→ **What the task asks**:
Two lines in the data below mark the range: the one with "move=> hy; have y_neq0 : y ^+ q != 0." and the one with "rewrite full_p def_p size_mul //.". Return both, along with every line between them, exactly.

Records from a data collection
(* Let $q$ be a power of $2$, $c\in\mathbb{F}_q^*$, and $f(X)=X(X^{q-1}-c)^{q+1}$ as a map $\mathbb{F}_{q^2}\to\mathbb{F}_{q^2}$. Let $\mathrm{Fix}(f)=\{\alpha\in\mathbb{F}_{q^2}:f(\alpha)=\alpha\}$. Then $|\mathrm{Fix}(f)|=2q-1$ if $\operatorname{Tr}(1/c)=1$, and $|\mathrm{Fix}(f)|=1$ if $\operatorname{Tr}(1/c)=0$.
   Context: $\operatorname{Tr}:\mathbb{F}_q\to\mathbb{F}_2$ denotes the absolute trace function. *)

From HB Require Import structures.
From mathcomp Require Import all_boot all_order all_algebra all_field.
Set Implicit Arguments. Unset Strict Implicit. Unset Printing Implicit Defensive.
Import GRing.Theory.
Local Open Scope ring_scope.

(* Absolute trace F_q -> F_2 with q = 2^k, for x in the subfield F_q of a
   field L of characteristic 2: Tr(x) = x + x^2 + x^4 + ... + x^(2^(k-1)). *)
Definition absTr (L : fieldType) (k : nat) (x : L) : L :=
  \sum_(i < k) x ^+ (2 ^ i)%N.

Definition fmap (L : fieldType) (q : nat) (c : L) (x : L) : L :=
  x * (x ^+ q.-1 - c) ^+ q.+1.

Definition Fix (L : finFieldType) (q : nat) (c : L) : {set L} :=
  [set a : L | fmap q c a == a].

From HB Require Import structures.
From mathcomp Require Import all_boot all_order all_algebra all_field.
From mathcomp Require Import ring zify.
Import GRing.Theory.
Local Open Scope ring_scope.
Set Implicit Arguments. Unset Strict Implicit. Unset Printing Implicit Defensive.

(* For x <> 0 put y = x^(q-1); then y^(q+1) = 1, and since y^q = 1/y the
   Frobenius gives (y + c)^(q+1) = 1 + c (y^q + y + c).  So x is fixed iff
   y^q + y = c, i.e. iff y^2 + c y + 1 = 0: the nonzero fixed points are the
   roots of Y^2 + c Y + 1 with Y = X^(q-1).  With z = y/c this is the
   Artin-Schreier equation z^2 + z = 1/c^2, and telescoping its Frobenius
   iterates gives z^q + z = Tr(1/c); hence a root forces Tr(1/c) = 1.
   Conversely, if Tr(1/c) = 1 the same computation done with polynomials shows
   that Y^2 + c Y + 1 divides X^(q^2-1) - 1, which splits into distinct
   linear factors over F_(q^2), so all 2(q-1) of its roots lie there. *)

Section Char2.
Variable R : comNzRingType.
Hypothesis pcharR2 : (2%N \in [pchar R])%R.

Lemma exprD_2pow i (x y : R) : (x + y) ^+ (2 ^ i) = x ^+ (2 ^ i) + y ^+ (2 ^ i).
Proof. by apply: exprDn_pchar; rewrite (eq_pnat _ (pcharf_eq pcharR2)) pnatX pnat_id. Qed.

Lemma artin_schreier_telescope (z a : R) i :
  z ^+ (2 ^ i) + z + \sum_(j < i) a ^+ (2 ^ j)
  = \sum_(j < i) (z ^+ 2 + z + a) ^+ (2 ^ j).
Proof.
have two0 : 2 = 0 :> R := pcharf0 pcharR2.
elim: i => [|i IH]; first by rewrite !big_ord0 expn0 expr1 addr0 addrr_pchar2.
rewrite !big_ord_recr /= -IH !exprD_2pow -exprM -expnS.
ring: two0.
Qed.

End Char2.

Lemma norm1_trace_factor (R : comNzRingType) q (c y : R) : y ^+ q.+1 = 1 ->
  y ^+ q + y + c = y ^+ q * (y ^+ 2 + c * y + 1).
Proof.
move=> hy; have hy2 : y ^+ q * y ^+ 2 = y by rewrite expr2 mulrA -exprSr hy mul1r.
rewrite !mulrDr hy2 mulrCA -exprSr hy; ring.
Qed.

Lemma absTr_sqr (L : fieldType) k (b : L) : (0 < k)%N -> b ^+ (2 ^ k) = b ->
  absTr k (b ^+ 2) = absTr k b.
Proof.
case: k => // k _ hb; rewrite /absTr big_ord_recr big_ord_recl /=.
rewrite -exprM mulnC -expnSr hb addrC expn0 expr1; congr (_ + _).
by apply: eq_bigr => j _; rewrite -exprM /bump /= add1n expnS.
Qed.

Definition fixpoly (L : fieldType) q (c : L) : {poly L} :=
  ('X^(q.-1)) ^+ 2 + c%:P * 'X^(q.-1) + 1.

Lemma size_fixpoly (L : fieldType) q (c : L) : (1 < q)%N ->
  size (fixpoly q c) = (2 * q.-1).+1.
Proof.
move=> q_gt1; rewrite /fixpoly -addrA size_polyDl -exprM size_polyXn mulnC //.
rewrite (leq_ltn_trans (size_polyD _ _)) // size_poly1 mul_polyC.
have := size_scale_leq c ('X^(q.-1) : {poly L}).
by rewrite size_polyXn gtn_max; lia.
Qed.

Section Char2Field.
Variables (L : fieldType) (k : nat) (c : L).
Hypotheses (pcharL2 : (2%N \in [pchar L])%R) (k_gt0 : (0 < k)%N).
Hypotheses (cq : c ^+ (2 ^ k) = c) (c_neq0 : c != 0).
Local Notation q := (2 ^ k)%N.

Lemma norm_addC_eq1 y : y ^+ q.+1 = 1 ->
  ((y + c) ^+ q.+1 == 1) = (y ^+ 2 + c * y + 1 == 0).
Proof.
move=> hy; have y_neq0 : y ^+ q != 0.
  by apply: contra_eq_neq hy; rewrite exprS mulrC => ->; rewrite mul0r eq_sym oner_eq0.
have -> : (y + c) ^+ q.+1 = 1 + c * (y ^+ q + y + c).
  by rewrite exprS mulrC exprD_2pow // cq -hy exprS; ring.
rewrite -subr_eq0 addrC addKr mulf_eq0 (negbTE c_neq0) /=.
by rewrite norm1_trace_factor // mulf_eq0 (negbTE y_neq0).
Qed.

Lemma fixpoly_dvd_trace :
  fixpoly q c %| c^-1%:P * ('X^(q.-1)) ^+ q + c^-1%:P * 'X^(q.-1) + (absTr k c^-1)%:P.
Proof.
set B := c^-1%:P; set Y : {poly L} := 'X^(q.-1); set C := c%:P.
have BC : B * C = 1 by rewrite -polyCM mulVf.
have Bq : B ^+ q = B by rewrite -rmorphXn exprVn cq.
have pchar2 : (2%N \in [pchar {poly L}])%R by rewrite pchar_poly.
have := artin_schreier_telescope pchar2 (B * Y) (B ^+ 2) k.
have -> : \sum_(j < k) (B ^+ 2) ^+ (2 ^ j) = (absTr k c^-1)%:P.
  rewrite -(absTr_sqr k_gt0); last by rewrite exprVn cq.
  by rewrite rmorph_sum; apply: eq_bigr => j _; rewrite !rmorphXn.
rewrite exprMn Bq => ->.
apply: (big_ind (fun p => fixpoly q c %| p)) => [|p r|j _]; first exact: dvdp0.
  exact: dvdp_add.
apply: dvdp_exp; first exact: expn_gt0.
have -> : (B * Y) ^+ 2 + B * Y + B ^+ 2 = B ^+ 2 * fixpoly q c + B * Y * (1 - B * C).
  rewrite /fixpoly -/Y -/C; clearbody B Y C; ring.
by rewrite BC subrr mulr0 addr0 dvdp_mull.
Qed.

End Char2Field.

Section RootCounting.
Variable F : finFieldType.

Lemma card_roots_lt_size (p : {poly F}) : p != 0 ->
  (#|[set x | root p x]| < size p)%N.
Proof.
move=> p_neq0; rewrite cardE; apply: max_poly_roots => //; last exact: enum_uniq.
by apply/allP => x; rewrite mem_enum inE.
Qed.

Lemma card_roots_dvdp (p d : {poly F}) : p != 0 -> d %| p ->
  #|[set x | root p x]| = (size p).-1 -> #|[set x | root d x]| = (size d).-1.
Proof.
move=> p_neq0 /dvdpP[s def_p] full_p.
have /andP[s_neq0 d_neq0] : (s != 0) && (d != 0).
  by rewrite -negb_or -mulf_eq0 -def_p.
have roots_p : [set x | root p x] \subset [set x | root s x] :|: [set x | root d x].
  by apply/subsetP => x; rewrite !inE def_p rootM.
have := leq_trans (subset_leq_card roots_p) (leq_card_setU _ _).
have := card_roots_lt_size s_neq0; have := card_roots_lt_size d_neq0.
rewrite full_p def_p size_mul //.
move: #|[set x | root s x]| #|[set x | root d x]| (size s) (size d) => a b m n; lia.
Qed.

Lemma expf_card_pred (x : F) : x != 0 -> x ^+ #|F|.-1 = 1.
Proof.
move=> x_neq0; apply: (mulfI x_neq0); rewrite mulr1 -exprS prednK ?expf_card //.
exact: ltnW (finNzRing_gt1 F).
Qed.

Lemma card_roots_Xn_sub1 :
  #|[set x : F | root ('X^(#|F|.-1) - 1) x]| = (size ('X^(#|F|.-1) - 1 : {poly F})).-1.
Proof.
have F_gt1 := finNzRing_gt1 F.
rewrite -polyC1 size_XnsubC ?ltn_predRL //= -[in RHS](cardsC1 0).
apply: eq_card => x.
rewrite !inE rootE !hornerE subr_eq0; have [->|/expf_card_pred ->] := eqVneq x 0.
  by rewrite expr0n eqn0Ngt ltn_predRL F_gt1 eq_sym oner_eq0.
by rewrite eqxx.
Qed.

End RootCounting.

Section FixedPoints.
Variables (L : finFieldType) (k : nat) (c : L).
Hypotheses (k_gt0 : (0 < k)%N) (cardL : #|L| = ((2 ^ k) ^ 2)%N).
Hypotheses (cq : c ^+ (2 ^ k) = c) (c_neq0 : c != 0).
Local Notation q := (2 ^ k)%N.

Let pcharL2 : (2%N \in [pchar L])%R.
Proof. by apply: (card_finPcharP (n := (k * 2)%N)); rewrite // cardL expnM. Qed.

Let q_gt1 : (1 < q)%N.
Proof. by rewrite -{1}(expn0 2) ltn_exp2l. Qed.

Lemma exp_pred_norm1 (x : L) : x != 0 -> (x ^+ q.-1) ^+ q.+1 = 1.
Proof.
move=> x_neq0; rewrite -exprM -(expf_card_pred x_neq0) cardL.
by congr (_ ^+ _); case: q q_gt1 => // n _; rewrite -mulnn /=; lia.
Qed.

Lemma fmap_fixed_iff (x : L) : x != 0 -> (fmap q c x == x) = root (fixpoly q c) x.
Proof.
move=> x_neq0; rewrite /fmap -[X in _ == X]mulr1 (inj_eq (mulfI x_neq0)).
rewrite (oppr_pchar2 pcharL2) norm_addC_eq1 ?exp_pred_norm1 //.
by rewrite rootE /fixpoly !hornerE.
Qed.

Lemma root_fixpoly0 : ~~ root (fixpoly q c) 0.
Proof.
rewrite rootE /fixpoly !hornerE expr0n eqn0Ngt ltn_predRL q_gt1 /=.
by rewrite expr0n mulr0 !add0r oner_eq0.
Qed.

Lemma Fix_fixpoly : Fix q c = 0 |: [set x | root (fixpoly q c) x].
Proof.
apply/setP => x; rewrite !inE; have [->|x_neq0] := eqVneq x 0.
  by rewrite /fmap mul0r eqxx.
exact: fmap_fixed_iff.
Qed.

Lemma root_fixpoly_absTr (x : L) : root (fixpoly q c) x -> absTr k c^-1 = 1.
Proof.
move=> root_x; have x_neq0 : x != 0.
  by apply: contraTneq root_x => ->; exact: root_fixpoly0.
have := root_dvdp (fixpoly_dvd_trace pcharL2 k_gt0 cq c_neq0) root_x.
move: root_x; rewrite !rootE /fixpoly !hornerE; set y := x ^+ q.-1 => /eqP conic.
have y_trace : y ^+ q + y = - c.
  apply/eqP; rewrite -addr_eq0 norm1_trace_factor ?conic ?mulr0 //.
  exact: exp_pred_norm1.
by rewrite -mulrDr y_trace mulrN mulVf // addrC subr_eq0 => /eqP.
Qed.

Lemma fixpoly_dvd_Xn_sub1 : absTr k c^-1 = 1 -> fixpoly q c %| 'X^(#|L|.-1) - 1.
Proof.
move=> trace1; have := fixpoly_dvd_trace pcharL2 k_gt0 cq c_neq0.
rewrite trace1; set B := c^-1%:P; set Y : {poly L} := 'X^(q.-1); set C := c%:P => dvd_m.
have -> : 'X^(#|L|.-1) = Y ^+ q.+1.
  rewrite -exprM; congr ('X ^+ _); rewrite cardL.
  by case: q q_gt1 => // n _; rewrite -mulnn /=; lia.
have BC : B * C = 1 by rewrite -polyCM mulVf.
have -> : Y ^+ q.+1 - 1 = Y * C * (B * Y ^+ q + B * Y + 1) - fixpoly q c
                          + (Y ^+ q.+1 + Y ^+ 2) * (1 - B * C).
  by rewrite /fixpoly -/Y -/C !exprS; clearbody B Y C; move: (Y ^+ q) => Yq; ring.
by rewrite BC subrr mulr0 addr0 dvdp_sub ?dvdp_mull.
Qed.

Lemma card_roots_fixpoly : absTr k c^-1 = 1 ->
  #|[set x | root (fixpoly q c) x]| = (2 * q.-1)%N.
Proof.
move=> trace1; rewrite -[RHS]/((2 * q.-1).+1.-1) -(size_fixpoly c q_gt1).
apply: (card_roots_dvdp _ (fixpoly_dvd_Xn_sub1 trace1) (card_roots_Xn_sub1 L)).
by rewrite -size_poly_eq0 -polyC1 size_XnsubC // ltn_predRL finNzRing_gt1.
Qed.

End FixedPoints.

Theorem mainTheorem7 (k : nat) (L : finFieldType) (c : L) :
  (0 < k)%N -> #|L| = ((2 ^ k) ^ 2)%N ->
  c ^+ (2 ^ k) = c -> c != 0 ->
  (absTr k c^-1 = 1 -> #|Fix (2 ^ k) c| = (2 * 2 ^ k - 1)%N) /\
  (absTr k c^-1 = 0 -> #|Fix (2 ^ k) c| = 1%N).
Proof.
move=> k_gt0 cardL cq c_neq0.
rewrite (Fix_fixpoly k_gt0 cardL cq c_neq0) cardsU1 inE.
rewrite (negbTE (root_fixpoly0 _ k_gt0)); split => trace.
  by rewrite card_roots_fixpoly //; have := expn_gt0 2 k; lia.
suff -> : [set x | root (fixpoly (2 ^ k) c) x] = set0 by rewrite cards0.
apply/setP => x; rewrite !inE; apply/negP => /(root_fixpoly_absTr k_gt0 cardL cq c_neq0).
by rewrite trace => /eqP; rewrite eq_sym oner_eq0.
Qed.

---

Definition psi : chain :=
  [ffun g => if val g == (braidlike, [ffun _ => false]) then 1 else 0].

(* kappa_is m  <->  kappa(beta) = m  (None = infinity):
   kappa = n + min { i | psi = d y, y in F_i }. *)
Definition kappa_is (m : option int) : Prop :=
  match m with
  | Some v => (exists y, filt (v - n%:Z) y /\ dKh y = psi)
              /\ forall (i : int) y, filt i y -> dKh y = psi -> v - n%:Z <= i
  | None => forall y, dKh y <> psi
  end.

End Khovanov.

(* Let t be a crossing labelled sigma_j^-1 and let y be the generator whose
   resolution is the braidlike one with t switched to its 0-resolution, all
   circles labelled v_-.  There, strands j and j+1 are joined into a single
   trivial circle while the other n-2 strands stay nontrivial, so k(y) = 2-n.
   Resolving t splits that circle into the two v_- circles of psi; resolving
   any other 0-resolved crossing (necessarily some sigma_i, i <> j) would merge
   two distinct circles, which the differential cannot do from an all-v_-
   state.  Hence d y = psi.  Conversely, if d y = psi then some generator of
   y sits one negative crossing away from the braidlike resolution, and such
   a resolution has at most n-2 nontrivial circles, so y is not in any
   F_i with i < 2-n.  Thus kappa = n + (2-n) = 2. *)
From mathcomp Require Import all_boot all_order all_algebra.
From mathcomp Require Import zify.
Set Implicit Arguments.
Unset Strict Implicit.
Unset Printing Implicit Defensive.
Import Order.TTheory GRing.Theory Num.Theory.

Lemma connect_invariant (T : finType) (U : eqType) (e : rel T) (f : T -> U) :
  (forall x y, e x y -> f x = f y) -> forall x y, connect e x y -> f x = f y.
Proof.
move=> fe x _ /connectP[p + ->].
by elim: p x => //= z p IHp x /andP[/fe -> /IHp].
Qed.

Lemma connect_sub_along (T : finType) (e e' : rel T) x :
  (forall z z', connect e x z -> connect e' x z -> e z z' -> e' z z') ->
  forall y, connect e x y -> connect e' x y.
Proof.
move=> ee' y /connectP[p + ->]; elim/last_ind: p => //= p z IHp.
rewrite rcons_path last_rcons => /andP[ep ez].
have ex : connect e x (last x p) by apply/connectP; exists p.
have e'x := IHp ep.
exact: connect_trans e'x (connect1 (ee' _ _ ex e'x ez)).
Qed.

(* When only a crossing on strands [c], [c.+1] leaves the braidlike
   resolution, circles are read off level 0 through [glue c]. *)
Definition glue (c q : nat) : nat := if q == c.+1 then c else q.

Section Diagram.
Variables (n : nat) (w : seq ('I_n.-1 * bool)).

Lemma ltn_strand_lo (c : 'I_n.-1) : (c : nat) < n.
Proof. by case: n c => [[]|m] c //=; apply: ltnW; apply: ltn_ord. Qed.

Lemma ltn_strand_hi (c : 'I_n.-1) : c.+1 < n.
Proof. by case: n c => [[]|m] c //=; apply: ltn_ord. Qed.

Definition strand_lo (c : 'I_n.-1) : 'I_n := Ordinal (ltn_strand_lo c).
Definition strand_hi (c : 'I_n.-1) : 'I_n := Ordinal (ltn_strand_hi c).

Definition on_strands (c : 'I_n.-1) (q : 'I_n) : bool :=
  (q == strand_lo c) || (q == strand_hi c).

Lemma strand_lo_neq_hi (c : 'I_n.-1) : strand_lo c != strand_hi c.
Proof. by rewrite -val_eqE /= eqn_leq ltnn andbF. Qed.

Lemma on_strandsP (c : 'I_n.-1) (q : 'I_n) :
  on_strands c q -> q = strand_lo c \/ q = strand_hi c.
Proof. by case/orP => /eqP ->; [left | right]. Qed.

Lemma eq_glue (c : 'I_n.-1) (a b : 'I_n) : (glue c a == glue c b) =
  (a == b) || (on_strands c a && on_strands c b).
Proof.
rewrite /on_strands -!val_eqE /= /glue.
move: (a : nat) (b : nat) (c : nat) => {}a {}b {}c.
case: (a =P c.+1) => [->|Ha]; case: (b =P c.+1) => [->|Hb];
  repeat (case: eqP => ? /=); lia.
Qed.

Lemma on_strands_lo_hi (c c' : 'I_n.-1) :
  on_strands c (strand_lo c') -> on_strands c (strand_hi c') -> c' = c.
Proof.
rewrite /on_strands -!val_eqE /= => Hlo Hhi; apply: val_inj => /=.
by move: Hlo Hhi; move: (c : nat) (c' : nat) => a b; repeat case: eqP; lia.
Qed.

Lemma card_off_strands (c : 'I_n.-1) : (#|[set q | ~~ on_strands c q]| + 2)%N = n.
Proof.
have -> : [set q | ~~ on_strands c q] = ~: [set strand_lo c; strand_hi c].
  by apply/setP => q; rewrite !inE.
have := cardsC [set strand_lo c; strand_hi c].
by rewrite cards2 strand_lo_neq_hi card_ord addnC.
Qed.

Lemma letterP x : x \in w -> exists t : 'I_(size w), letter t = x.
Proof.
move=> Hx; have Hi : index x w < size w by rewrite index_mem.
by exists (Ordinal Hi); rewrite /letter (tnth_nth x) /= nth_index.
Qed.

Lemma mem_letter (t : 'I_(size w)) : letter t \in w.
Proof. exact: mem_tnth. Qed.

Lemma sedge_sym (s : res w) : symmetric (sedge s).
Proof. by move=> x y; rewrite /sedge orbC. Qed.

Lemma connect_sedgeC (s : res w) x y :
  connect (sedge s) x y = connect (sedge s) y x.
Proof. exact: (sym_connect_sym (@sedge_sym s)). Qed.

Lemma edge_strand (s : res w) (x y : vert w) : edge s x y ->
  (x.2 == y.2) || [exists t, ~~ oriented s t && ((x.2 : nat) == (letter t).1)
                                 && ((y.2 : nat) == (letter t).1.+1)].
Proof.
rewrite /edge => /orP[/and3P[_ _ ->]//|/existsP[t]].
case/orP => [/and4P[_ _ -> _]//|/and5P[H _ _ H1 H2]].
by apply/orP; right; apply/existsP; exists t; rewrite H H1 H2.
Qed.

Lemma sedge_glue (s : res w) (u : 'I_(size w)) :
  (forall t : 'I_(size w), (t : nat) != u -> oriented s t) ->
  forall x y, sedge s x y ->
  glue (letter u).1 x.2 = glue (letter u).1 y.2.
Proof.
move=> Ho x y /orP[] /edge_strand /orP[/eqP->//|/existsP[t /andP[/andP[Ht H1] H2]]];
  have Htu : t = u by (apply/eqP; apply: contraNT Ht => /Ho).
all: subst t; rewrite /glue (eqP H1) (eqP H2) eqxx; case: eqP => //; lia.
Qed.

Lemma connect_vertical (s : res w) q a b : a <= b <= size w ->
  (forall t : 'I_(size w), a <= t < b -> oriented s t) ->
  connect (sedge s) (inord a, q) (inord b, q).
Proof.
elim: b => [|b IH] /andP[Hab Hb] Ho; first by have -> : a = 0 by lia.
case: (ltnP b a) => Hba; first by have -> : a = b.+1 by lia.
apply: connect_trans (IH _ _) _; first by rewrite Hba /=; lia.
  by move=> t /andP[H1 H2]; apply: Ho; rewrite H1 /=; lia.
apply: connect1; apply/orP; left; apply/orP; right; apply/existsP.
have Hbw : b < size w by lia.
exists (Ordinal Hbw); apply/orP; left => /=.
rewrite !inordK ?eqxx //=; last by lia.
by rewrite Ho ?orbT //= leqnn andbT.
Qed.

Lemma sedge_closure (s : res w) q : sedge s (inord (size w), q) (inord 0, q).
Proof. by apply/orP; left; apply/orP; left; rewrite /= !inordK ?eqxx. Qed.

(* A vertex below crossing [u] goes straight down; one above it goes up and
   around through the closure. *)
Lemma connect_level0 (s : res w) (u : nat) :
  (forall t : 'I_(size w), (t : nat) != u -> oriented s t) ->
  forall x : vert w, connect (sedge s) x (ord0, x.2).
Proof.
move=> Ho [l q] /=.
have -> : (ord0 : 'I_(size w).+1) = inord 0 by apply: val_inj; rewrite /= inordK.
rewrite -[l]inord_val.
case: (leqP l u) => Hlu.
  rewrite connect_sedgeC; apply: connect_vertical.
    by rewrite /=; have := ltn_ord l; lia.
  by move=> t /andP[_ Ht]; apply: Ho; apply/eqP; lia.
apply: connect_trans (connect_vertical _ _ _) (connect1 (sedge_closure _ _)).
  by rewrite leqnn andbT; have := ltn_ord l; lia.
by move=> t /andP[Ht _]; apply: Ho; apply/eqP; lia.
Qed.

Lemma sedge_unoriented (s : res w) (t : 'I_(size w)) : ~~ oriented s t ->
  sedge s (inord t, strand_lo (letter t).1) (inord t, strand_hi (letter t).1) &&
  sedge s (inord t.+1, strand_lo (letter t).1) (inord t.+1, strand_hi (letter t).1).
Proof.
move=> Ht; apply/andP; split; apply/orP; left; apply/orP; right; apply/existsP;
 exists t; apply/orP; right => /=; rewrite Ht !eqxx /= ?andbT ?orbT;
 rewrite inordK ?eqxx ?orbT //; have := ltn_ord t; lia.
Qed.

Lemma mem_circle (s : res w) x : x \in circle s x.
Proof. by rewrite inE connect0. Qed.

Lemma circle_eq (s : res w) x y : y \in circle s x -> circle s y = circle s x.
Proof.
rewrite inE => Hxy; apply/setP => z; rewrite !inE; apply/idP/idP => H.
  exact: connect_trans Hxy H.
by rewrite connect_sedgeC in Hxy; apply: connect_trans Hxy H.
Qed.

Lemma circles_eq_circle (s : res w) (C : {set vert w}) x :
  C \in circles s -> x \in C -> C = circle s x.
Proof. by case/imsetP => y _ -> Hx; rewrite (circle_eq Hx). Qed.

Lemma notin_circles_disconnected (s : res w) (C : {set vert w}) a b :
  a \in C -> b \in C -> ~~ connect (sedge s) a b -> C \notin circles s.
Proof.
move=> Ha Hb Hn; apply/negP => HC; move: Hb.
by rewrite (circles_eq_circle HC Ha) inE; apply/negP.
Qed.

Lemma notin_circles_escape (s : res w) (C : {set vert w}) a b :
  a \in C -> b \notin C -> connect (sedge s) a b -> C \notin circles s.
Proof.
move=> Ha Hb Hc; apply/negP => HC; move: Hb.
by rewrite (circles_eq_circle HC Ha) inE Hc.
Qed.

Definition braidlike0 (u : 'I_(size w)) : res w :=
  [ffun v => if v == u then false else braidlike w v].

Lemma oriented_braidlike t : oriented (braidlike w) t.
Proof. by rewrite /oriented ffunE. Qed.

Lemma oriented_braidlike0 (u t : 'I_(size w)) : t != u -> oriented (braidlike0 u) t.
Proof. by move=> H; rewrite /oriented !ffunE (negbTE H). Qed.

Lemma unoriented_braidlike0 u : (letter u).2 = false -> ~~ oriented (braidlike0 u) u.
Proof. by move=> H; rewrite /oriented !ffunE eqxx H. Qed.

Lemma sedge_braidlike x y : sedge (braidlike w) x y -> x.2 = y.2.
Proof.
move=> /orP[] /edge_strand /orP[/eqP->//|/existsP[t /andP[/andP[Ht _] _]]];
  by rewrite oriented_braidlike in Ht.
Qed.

→ **Answer space**:
move=> hy; have y_neq0 : y ^+ q != 0.
  by apply: contra_eq_neq hy; rewrite exprS mulrC => ->; rewrite mul0r eq_sym oner_eq0.
have -> : (y + c) ^+ q.+1 = 1 + c * (y ^+ q + y + c).
  by rewrite exprS mulrC exprD_2pow // cq -hy exprS; ring.
rewrite -subr_eq0 addrC addKr mulf_eq0 (negbTE c_neq0) /=.
by rewrite norm1_trace_factor // mulf_eq0 (negbTE y_neq0).
Qed.

Lemma fixpoly_dvd_trace :
  fixpoly q c %| c^-1%:P * ('X^(q.-1)) ^+ q + c^-1%:P * 'X^(q.-1) + (absTr k c^-1)%:P.
Proof.
set B := c^-1%:P; set Y : {poly L} := 'X^(q.-1); set C := c%:P.
have BC : B * C = 1 by rewrite -polyCM mulVf.
have Bq : B ^+ q = B by rewrite -rmorphXn exprVn cq.
have pchar2 : (2%N \in [pchar {poly L}])%R by rewrite pchar_poly.
have := artin_schreier_telescope pchar2 (B * Y) (B ^+ 2) k.
have -> : \sum_(j < k) (B ^+ 2) ^+ (2 ^ j) = (absTr k c^-1)%:P.
  rewrite -(absTr_sqr k_gt0); last by rewrite exprVn cq.
  by rewrite rmorph_sum; apply: eq_bigr => j _; rewrite !rmorphXn.
rewrite exprMn Bq => ->.
apply: (big_ind (fun p => fixpoly q c %| p)) => [|p r|j _]; first exact: dvdp0.
  exact: dvdp_add.
apply: dvdp_exp; first exact: expn_gt0.
have -> : (B * Y) ^+ 2 + B * Y + B ^+ 2 = B ^+ 2 * fixpoly q c + B * Y * (1 - B * C).
  rewrite /fixpoly -/Y -/C; clearbody B Y C; ring.
by rewrite BC subrr mulr0 addr0 dvdp_mull.
Qed.

End Char2Field.

Section RootCounting.
Variable F : finFieldType.

Lemma card_roots_lt_size (p : {poly F}) : p != 0 ->
  (#|[set x | root p x]| < size p)%N.
Proof.
move=> p_neq0; rewrite cardE; apply: max_poly_roots => //; last exact: enum_uniq.
by apply/allP => x; rewrite mem_enum inE.
Qed.

Lemma card_roots_dvdp (p d : {poly F}) : p != 0 -> d %| p ->
  #|[set x | root p x]| = (size p).-1 -> #|[set x | root d x]| = (size d).-1.
Proof.
move=> p_neq0 /dvdpP[s def_p] full_p.
have /andP[s_neq0 d_neq0] : (s != 0) && (d != 0).
  by rewrite -negb_or -mulf_eq0 -def_p.
have roots_p : [set x | root p x] \subset [set x | root s x] :|: [set x | root d x].
  by apply/subsetP => x; rewrite !inE def_p rootM.
have := leq_trans (subset_leq_card roots_p) (leq_card_setU _ _).
have := card_roots_lt_size s_neq0; have := card_roots_lt_size d_neq0.
rewrite full_p def_p size_mul //.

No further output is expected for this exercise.